#### Assignment
Repeat exactly, and only, the lines below starting at the line that contains "have [u1 u1_gt0" and ending at the line that contains "suff : 2 * (C", inclusive of both.

#### Data records
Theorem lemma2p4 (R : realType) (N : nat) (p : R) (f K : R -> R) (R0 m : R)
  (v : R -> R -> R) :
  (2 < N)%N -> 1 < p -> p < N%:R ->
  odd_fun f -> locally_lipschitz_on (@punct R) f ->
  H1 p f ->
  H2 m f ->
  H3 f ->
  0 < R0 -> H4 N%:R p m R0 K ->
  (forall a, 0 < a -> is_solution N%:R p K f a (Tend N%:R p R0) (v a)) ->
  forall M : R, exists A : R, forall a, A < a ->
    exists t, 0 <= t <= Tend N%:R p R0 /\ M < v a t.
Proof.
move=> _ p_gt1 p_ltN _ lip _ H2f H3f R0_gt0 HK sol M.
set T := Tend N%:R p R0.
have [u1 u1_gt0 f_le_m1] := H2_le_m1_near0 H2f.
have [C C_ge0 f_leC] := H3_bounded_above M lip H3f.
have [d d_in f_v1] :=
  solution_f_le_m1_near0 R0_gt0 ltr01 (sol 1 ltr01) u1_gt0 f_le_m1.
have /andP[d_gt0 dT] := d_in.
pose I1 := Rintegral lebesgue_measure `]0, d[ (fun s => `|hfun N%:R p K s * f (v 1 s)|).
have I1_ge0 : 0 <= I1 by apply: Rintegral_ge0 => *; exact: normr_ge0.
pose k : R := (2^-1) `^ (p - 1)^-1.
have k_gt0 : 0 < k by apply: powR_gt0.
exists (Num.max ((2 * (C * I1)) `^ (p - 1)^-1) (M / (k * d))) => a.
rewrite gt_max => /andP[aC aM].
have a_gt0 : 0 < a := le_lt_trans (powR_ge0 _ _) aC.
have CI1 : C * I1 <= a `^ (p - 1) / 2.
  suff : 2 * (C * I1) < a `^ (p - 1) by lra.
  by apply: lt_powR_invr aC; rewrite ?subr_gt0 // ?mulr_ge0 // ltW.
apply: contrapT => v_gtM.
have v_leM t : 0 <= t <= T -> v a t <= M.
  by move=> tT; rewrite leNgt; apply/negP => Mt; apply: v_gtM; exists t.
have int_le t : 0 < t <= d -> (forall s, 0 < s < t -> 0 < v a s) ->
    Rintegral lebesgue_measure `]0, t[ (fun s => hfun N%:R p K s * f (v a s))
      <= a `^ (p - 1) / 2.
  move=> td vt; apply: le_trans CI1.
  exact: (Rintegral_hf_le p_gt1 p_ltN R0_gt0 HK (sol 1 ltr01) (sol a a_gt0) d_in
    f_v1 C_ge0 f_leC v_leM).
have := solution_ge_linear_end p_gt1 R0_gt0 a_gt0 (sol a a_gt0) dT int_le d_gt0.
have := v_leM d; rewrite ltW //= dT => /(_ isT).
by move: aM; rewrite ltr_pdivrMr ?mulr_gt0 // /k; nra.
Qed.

#### Written solution
have [u1 u1_gt0 f_le_m1] := H2_le_m1_near0 H2f.
have [C C_ge0 f_leC] := H3_bounded_above M lip H3f.
have [d d_in f_v1] :=
  solution_f_le_m1_near0 R0_gt0 ltr01 (sol 1 ltr01) u1_gt0 f_le_m1.
have /andP[d_gt0 dT] := d_in.
pose I1 := Rintegral lebesgue_measure `]0, d[ (fun s => `|hfun N%:R p K s * f (v 1 s)|).
have I1_ge0 : 0 <= I1 by apply: Rintegral_ge0 => *; exact: normr_ge0.
pose k : R := (2^-1) `^ (p - 1)^-1.
have k_gt0 : 0 < k by apply: powR_gt0.
exists (Num.max ((2 * (C * I1)) `^ (p - 1)^-1) (M / (k * d))) => a.
rewrite gt_max => /andP[aC aM].
have a_gt0 : 0 < a := le_lt_trans (powR_ge0 _ _) aC.
have CI1 : C * I1 <= a `^ (p - 1) / 2.
  suff : 2 * (C * I1) < a `^ (p - 1) by lra.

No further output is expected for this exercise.